“But are they going to keep us locked up together in this one little room?”

“It isn’t so little; we’ll get by. I can sleep quite comfortably in one of these overstuffed chairs. And don’t think I don’t agree with you perfectly, my dear. All personal considerations aside, the least favor we can do the human race is to let it end with us and not he perpetuated for exhibition in a zoo.”

She said “Thank you,” almost inaudibly, and the flush receded from her checks. There was anger in her eyes, but Walter knew that is wasn’t anger at him. With her eyes sparkling like that, she looked a lot like Martha, he thought.

He smiled at her and said, “Otherwise—”

She started out of her chair, and for an instant he thought she was going to come over and slap him. Then she sank back wearily. “If you were a man, you’d be thinking of some way to—They can be killed, you said?” Her voice was bitter.

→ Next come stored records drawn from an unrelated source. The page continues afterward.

(* Let $R$ be a commutative unital ring which is Noetherian and quasi-Euclidean, and let $M$ be a finitely generated $R$-module whose minimal number of generators is $\mathrm{rk}_R(M)$. Then for every integer $n > \mathrm{rk}_R(M)$, the action of $\mathrm{E}_n(R)$ on $\mathrm{Um}_n(M)$ by matrix right-multiplication is transitive.
   Context: A ring $R$ is quasi-Euclidean if for every $n \ge 2$ and every $\mathbf{r} = (r_1,\dots,r_n) \in R^n$ there exist $E \in \mathrm{E}_n(R)$ and $d \in R$ with $(d,0,\dots,0) = \mathbf{r}E$. $\mathrm{E}_n(R)$ is the subgroup of $\mathrm{GL}_n(R)$ generated by the elementary matrices (matrices differing from the identity in a single off-diagonal entry). $\mathrm{Um}_n(M)$ is the set of $\mathbf{m}=(m_1,\dots,m_n)\in M^n$ whose components generate $M$, and a matrix $A$ acts by $(\mathbf{m}A)_j = \sum_i m_i A_{ij}$. *)

From HB Require Import structures.
From mathcomp Require Import all_boot all_order all_algebra.
Set Implicit Arguments. Unset Strict Implicit. Unset Printing Implicit Defensive.
Import Order.TTheory GRing.Theory Num.Theory.
Local Open Scope ring_scope.

Definition is_ideal (R : comPzRingType) (I : R -> Prop) : Prop :=
  I 0 /\ (forall x y, I x -> I y -> I (x + y)) /\ (forall a x, I x -> I (a * x)).

Definition noetherian (R : comPzRingType) : Prop :=
  forall I : nat -> R -> Prop,
    (forall k, is_ideal (I k)) ->
    (forall k x, I k x -> I k.+1 x) ->
    exists N, forall k, (N <= k)%N -> forall x, I k x <-> I N x.

Definition elementary (R : comPzRingType) (n : nat) (A : 'M[R]_n) : Prop :=
  exists (i j : 'I_n) (c : R), i != j /\ A = 1%:M + c *: delta_mx i j.

(* E_n(R): the subgroup of GL_n(R) generated by elementary matrices.
   Since the inverse of an elementary matrix is elementary, this is the
   set of finite products of elementary matrices (including the empty one). *)
Inductive En (R : comPzRingType) (n : nat) : 'M[R]_n -> Prop :=
| En_id : En 1%:M
| En_mul : forall A e, En A -> elementary e -> En (A *m e).

Definition quasi_euclidean (R : comPzRingType) : Prop :=
  forall (n : nat), (2 <= n)%N -> forall r : 'rV[R]_n,
    exists E : 'M[R]_n, exists d : R,
      En E /\ r *m E = \row_(j < n) (if val j == 0%N then d else 0).

Definition mact (R : comPzRingType) (M : lmodType R) (n : nat)
  (m : 'I_n -> M) (A : 'M[R]_n) : 'I_n -> M :=
  fun j => \sum_(i < n) A i j *: m i.

Definition generates (R : comPzRingType) (M : lmodType R) (n : nat)
  (m : 'I_n -> M) : Prop :=
  forall x : M, exists c : 'I_n -> R, x = \sum_(i < n) c i *: m i.

Definition Um (R : comPzRingType) (M : lmodType R) (n : nat) (m : 'I_n -> M) : Prop :=
  generates m.

Definition is_rk (R : comPzRingType) (M : lmodType R) (k : nat) : Prop :=
  (exists g : 'I_k -> M, generates g) /\
  (forall k' (g : 'I_k' -> M), generates g -> (k <= k')%N).

(* Fix generators g_0, ..., g_{r-1} of M; it suffices to move every unimodular n-tuple by
   elementary transvections to (g_0, ..., g_{r-1}, 0, ..., 0).  Suppose the first k entries
   are already g_0, ..., g_{k-1} and the other n - k entries lie in the span of
   g_k, ..., g_{r-1}.  Applying quasi-Euclideanity to the coefficients of one generator in
   these entries concentrates them in a single entry; setting that entry aside and repeating
   with the next generator, n - k > r - k eventually yields a zero entry.  Move it to
   position k, fill it with g_k (possible since the tuple generates M), and subtract
   multiples of it from the later entries to remove their g_k-coefficients. *)

From mathcomp Require Import all_boot all_order all_algebra zify.
From Stdlib Require Import FunctionalExtensionality.
Set Implicit Arguments. Unset Strict Implicit. Unset Printing Implicit Defensive.
Import Order.TTheory GRing.Theory Num.Theory.
Local Open Scope ring_scope.

Definition upd (T : Type) (n : nat) (v : 'I_n -> T) (z : 'I_n) (x : T) : 'I_n -> T :=
  fun y => if y == z then x else v y.

Lemma upd_same (T : Type) (n : nat) (v : 'I_n -> T) z : upd v z (v z) = v.
Proof. by apply: functional_extensionality => y; rewrite /upd; case: eqP => [->|]. Qed.

Lemma upd_upd (T : Type) (n : nat) (v : 'I_n -> T) z x y : upd (upd v z x) z y = upd v z y.
Proof. by apply: functional_extensionality => t; rewrite /upd; case: eqP. Qed.

Lemma card_ord_from r k : #|[set l : 'I_r | (k <= l)%N]| = (r - k)%N.
Proof.
rewrite cardsE -sum1_card.
have := @big_geq_mkord _ 0%N addn k r xpredT (fun _ => 1%N).
by rewrite /= => <-; rewrite sum_nat_const_nat muln1.
Qed.

Lemma En_mulmx (R : comPzRingType) (n : nat) (A B : 'M[R]_n) :
  En A -> En B -> En (A *m B).
Proof.
move=> EnA; elim=> [|B' e _ EnAB' el_e]; first by rewrite mulmx1.
by rewrite mulmxA; apply: En_mul.
Qed.

Lemma En_elementary (R : comPzRingType) (n : nat) (i j : 'I_n) (c : R) :
  i != j -> En (1%:M + c *: delta_mx i j).
Proof.
by move=> ij; rewrite -[_ + _]mul1mx; apply: En_mul; [apply: En_id | exists i, j, c].
Qed.

Section MatrixAction.
Variables (R : comPzRingType) (M : lmodType R) (n : nat).
Implicit Types (v : 'I_n -> M) (E : 'M[R]_n).

Lemma mact1 v : mact v 1%:M = v.
Proof.
apply: functional_extensionality => j; rewrite /mact (bigD1 j) //= big1 ?addr0.
  by rewrite mxE eqxx scale1r.
by move=> i ij; rewrite mxE (negbTE ij) mulr0n scale0r.
Qed.

Lemma mact_mulmx v (A B : 'M[R]_n) : mact v (A *m B) = mact (mact v A) B.
Proof.
apply: functional_extensionality => j; rewrite /mact.
under eq_bigr do rewrite mxE scaler_suml.
rewrite exchange_big /=; apply: eq_bigr => l _.
by rewrite scaler_sumr; apply: eq_bigr => i _; rewrite scalerA mulrC.
Qed.

Lemma generates_mact v E : generates (mact v E) -> generates v.
Proof.
move=> gen x; have [c ->] := gen x; exists (fun i => \sum_l c l * E i l).
rewrite /mact; under eq_bigr do rewrite scaler_sumr.
rewrite exchange_big /=; apply: eq_bigr => i _.
by rewrite scaler_suml; apply: eq_bigr => l _; rewrite scalerA.
Qed.

Definition transvect v (i j : 'I_n) (c : R) : 'I_n -> M := upd v j (v j + c *: v i).

Lemma mact_elementary v i j c : i != j ->
  mact v (1%:M + c *: delta_mx i j) = transvect v i j c.
Proof.
move=> ij; apply: functional_extensionality => m.
rewrite /mact /transvect /upd; under eq_bigr do rewrite mxE scalerDl.
rewrite big_split /= -/(mact v 1%:M m) mact1; case: eqP => [->|/eqP mj].
  congr (_ + _); rewrite (bigD1 i) //= big1 ?addr0; first by rewrite !mxE !eqxx mulr1.
  by move=> l li; rewrite !mxE (negbTE li) mulr0 scale0r.
by rewrite big1 ?addr0 // => l _; rewrite !mxE (negbTE mj) andbF mulr0 scale0r.
Qed.

Lemma transvectK v i j c : i != j -> transvect (transvect v i j c) i j (- c) = v.
Proof.
move=> ij; apply: functional_extensionality => y.
rewrite /transvect /upd eqxx (negbTE ij).
by case: eqP => [->|//]; rewrite scaleNr addrK.
Qed.

End MatrixAction.

Section Reachability.
Variables (R : comPzRingType) (M : lmodType R) (n : nat).
Implicit Types (u v w : 'I_n -> M) (E : 'M[R]_n).

Inductive reachable : ('I_n -> M) -> ('I_n -> M) -> Prop :=
| reachable_refl v : reachable v v
| reachable_step v w i j c : i != j -> reachable (transvect v i j c) w -> reachable v w.

Lemma reachable_trans u v w : reachable u v -> reachable v w -> reachable u w.
Proof.
by elim=> [//|u' w' i j c ij _ IH] vw; apply: (reachable_step ij); apply: IH.
Qed.

Lemma reachable_transvect v i j c : i != j -> reachable v (transvect v i j c).
Proof. by move=> ij; apply: (reachable_step ij); apply: reachable_refl. Qed.

Lemma reachable_sym v w : reachable v w -> reachable w v.
Proof.
elim=> [v'|v' w' i j c ij _ IH]; first exact: reachable_refl.
apply: (reachable_trans IH); rewrite -{2}(transvectK v' c ij).
exact: reachable_transvect.
Qed.

Lemma reachable_En v w : reachable v w -> exists2 E, En E & mact v E = w.
Proof.
elim=> [v'|v' w' i j c ij _ [E EnE <-]]; first by exists 1%:M; [apply: En_id | apply: mact1].
exists ((1%:M + c *: delta_mx i j) *m E); first exact: En_mulmx (En_elementary c ij) EnE.
by rewrite mact_mulmx mact_elementary.
Qed.

Lemma generates_reachable v w : generates v -> reachable v w -> generates w.
Proof.
move=> gen /reachable_sym /reachable_En [E _ vE].
by apply: (generates_mact (E := E)); rewrite vE.
Qed.

Lemma reachable_add_combination v z (c : 'I_n -> R) (s : seq 'I_n) : z \notin s ->
  reachable v (upd v z (v z + \sum_(i <- s) c i *: v i)).
Proof.
elim: s => [|i s IH]; first by rewrite big_nil addr0 upd_same => _; apply: reachable_refl.
rewrite in_cons negb_or => /andP [zi zs]; apply: (reachable_trans (IH zs)).
have iz : i != z by rewrite eq_sym.
have -> : upd v z (v z + \sum_(j <- i :: s) c j *: v j) =
    transvect (upd v z (v z + \sum_(j <- s) c j *: v j)) i z (c i).
  apply: functional_extensionality => y; rewrite /transvect /upd big_cons eqxx (negbTE iz).
  by case: eqP => // _; rewrite [c i *: _ + _]addrC addrA.
exact: reachable_transvect.
Qed.

Lemma reachable_fill_zero v z x : generates v -> v z = 0 -> reachable v (upd v z x).
Proof.
move=> gen vz0; have [c ->] := gen x.
have zs : z \notin [seq i <- enum 'I_n | i != z] by rewrite mem_filter eqxx.
have := reachable_add_combination v c zs.
rewrite big_filter big_enum_cond /=.
by rewrite [\sum_(i < n) _](bigD1 z) //= vz0 scaler0.
Qed.

Lemma reachable_add_multiples v z (d : 'I_n -> R) (s : seq 'I_n) : z \notin s -> uniq s ->
  reachable v (fun y => if y \in s then v y + d y *: v z else v y).
Proof.
elim: s => [|i s IH]; first by move=> _ _; apply: reachable_refl.
rewrite in_cons negb_or => /andP [zi zs] /= /andP [is_ us].
apply: (reachable_trans (IH zs us)).
have -> : (fun y => if y \in i :: s then v y + d y *: v z else v y) =
    transvect (fun y => if y \in s then v y + d y *: v z else v y) z i (d i).
  apply: functional_extensionality => y.
  by rewrite /transvect /upd in_cons (negbTE is_) (negbTE zs); case: eqP => [->|].
exact: reachable_transvect.
Qed.

Lemma reachable_move_zero v z k : v z = 0 -> reachable v (upd (upd v z (v k)) k 0).
Proof.
move=> vz0; have [<-|zk] := eqVneq z k.
  by rewrite upd_upd -vz0 upd_same; apply: reachable_refl.
have -> : upd (upd v z (v k)) k 0 = transvect (transvect v k z 1) z k (- 1).
  apply: functional_extensionality => y.
  have kz : (k == z) = false by rewrite eq_sym (negbTE zk).
  by rewrite /transvect /upd eqxx kz vz0 add0r scale1r scaleN1r subrr.
apply: (reachable_trans (reachable_transvect v 1 _)); last exact: reachable_transvect.
by rewrite eq_sym.
Qed.

Definition mact_on (q : nat) (f : 'I_q -> 'I_n) v (B : 'M[R]_q) : 'I_n -> M :=
  fun y => if [pick j | f j == y] is Some j then mact (v \o f) B j else v y.

Lemma mact_on_in q (f : 'I_q -> 'I_n) v (B : 'M[R]_q) j : injective f ->
  mact_on f v B (f j) = mact (v \o f) B j.
Proof.
move=> f_inj; rewrite /mact_on; case: pickP => [j' /eqP /f_inj -> //|nf].
by have := nf j; rewrite eqxx.
Qed.

Lemma mact_on_out q (f : 'I_q -> 'I_n) v (B : 'M[R]_q) y : (forall j, f j != y) ->
  mact_on f v B y = v y.
Proof. by move=> nf; rewrite /mact_on; case: pickP => [j fj|//]; have := nf j; rewrite fj. Qed.

Lemma reachable_mact_on q (f : 'I_q -> 'I_n) v (B : 'M[R]_q) : injective f -> En B ->
  reachable v (mact_on f v B).
Proof.
move=> f_inj; elim=> [|A e _ IH [i [j [c [ij ->]]]]].
  have -> : mact_on f v 1%:M = v; last exact: reachable_refl.
  apply: functional_extensionality => y; case: (pickP (fun j => f j == y)) => [j /eqP <-|nf].
    by rewrite mact_on_in // mact1.
  by rewrite mact_on_out // => j; rewrite nf.
apply: (reachable_trans IH).
have -> : mact_on f v (A *m (1%:M + c *: delta_mx i j)) = transvect (mact_on f v A) (f i) (f j) c.
  apply: functional_extensionality => y; case: (pickP (fun j => f j == y)) => [m /eqP <-|nf].
    rewrite mact_on_in // mact_mulmx mact_elementary // /transvect /upd (inj_eq f_inj).
    by rewrite !mact_on_in.
  rewrite /transvect /upd; case: eqP => [yfj|_]; first by have := nf j; rewrite yfj eqxx.
  by rewrite !mact_on_out // => j'; rewrite nf.
by apply: reachable_transvect; rewrite (inj_eq f_inj).
Qed.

“The Zan? Oh, certainly. I’ve been studying them. They look horribly different from us, but I think they have about the same metabolism we have, the same type of circulatory system, and probably the same type of digestive system. I think that anything that would kill one of us would kill one of them.”

“But you said—”

“Oh, there are differences, of course. Whatever factor it is in man that ages him, they don’t have. Or else they have some gland that man doesn’t have, something that renews cells.”

She had forgotten her anger now. She leaned forward eagerly. She said, “I think that’s right. And I don’t think they feel pain.”

“I was hoping that. But what makes you think so, my dear?”